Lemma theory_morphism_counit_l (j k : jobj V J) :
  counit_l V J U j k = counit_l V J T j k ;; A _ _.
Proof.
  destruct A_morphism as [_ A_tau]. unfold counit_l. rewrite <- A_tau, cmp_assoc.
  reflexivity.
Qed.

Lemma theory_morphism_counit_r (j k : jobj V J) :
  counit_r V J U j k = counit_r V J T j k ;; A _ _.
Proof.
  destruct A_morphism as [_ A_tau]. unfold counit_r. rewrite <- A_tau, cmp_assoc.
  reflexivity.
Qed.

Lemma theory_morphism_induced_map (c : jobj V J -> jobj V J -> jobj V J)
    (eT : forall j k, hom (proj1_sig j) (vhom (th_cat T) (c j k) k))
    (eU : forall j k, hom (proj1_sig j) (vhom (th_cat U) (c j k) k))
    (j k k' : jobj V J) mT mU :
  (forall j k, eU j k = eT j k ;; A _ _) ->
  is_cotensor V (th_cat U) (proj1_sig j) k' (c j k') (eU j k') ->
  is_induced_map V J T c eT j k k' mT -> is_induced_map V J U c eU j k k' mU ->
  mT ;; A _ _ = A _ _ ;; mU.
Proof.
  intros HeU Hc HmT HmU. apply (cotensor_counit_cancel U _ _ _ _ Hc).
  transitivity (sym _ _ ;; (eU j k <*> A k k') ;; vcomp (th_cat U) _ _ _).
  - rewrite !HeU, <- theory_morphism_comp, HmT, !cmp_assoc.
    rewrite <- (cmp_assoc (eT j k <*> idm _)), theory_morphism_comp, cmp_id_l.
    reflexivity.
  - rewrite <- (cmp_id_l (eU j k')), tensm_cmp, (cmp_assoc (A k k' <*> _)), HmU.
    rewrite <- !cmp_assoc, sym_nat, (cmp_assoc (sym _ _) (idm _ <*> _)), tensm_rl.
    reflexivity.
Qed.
══════════════════════════════
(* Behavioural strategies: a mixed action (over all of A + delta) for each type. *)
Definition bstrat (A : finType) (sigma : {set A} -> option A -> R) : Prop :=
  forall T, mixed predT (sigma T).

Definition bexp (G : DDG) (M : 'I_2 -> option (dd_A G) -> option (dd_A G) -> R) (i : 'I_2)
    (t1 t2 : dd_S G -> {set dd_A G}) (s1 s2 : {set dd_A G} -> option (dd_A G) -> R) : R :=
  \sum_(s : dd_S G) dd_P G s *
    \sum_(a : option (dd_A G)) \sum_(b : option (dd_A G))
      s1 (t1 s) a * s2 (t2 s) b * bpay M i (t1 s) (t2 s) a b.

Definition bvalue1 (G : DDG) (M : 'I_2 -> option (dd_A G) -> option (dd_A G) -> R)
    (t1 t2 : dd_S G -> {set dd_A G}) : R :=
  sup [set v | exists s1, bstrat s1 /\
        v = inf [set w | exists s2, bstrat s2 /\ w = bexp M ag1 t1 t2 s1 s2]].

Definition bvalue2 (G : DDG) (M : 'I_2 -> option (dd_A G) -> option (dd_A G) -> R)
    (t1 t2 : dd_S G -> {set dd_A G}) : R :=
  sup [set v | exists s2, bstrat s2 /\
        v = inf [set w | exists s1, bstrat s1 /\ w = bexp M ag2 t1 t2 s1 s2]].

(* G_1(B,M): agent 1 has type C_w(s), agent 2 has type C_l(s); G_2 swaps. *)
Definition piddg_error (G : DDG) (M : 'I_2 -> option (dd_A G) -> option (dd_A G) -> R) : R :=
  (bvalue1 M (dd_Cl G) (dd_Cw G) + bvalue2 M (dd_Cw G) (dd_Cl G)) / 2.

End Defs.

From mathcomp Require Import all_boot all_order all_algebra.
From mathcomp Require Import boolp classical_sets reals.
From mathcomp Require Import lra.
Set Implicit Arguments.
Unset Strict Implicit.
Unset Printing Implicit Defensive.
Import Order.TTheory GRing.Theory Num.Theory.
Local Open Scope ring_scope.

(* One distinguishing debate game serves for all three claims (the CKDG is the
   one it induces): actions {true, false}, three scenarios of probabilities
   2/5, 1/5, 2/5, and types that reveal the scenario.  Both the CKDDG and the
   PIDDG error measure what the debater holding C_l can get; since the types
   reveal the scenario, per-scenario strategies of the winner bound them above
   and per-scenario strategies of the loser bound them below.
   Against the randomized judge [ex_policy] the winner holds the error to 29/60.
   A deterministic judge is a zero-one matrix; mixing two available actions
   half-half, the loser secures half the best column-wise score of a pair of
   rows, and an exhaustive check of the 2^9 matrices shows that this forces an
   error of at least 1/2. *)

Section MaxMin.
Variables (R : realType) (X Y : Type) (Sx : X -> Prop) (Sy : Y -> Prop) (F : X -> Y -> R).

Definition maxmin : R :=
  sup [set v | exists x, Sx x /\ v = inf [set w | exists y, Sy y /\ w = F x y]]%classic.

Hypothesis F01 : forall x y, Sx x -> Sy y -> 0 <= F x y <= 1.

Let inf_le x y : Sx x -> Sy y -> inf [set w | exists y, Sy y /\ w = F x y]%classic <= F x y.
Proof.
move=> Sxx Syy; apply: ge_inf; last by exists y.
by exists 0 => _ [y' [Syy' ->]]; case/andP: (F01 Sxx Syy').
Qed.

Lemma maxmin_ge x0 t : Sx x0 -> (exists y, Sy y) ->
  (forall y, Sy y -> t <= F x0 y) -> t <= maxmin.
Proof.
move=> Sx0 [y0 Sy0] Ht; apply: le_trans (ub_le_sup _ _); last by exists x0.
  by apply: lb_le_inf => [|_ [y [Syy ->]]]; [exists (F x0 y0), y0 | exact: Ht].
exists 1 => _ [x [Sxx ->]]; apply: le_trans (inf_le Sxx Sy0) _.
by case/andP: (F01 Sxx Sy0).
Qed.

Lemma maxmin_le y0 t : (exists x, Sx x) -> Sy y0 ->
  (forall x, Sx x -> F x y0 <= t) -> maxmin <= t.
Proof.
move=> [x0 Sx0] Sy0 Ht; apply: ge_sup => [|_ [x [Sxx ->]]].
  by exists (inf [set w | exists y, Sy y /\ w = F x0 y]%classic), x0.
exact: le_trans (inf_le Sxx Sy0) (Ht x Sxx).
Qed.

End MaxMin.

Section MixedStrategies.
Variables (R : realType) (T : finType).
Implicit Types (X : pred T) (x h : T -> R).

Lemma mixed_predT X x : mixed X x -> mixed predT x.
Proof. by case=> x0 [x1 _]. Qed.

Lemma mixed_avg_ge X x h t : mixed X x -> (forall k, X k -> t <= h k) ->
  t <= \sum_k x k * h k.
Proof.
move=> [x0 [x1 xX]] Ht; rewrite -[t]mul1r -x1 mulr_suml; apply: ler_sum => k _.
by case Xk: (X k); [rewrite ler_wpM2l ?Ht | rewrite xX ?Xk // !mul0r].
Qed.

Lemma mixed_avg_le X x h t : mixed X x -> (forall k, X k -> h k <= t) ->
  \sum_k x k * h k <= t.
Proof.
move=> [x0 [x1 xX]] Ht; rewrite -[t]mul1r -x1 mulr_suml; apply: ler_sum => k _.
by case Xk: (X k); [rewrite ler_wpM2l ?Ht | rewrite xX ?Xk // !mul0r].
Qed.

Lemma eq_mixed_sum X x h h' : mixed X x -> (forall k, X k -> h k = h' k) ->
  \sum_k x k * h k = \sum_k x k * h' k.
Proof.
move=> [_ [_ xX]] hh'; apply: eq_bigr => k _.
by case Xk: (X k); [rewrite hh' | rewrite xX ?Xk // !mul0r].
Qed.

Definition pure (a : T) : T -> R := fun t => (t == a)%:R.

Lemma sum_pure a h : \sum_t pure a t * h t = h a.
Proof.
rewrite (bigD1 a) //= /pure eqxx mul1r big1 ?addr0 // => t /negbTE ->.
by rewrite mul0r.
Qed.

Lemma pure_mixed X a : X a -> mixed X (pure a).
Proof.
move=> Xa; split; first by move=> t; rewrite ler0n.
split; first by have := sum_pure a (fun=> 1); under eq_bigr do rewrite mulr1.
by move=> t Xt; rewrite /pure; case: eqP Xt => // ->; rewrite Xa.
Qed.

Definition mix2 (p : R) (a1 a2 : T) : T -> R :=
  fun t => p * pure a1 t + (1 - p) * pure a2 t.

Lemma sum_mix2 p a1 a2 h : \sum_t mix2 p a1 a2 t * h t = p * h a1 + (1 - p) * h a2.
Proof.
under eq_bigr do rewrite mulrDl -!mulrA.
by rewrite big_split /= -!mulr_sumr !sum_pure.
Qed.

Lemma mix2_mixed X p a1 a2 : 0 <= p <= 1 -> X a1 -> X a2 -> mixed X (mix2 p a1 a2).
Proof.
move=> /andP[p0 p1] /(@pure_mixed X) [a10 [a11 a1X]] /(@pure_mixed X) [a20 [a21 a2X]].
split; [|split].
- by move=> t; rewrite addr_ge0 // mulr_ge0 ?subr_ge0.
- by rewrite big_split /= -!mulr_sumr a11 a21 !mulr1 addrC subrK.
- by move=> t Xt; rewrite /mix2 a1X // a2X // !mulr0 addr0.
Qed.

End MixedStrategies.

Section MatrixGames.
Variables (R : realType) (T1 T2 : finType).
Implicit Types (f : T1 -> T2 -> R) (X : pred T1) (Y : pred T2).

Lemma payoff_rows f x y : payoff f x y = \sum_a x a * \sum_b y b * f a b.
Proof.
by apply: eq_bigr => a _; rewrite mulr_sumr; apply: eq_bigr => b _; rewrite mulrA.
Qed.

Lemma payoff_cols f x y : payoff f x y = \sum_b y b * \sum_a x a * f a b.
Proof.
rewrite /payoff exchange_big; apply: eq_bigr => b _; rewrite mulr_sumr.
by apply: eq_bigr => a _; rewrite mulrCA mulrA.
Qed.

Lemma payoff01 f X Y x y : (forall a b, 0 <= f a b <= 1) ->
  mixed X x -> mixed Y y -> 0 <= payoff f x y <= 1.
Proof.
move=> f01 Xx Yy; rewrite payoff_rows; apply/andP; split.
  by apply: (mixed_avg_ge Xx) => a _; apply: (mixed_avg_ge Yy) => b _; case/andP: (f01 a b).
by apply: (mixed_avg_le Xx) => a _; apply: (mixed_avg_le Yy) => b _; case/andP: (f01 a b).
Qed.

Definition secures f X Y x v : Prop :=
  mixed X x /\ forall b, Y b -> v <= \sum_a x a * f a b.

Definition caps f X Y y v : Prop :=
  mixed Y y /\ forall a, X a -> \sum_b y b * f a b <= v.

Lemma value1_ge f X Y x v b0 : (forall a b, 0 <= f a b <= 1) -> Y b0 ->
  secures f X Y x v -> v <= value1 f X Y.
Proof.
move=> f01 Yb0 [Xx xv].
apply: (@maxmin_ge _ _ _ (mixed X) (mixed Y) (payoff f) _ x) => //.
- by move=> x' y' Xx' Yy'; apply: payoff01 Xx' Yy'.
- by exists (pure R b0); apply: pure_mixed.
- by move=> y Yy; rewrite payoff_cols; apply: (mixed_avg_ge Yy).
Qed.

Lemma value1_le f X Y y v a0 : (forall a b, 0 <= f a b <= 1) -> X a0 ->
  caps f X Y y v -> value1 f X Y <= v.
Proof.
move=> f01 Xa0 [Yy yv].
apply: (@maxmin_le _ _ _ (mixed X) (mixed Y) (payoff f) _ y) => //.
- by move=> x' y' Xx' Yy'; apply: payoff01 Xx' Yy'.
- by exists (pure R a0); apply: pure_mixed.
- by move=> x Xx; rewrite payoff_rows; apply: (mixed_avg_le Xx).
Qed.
══════════════════════════════
[EXERCISE PROMPT]: Looking through the data above, count the lines that include the string "destruct" and give only the count.

[ANSWER SECTION]: 2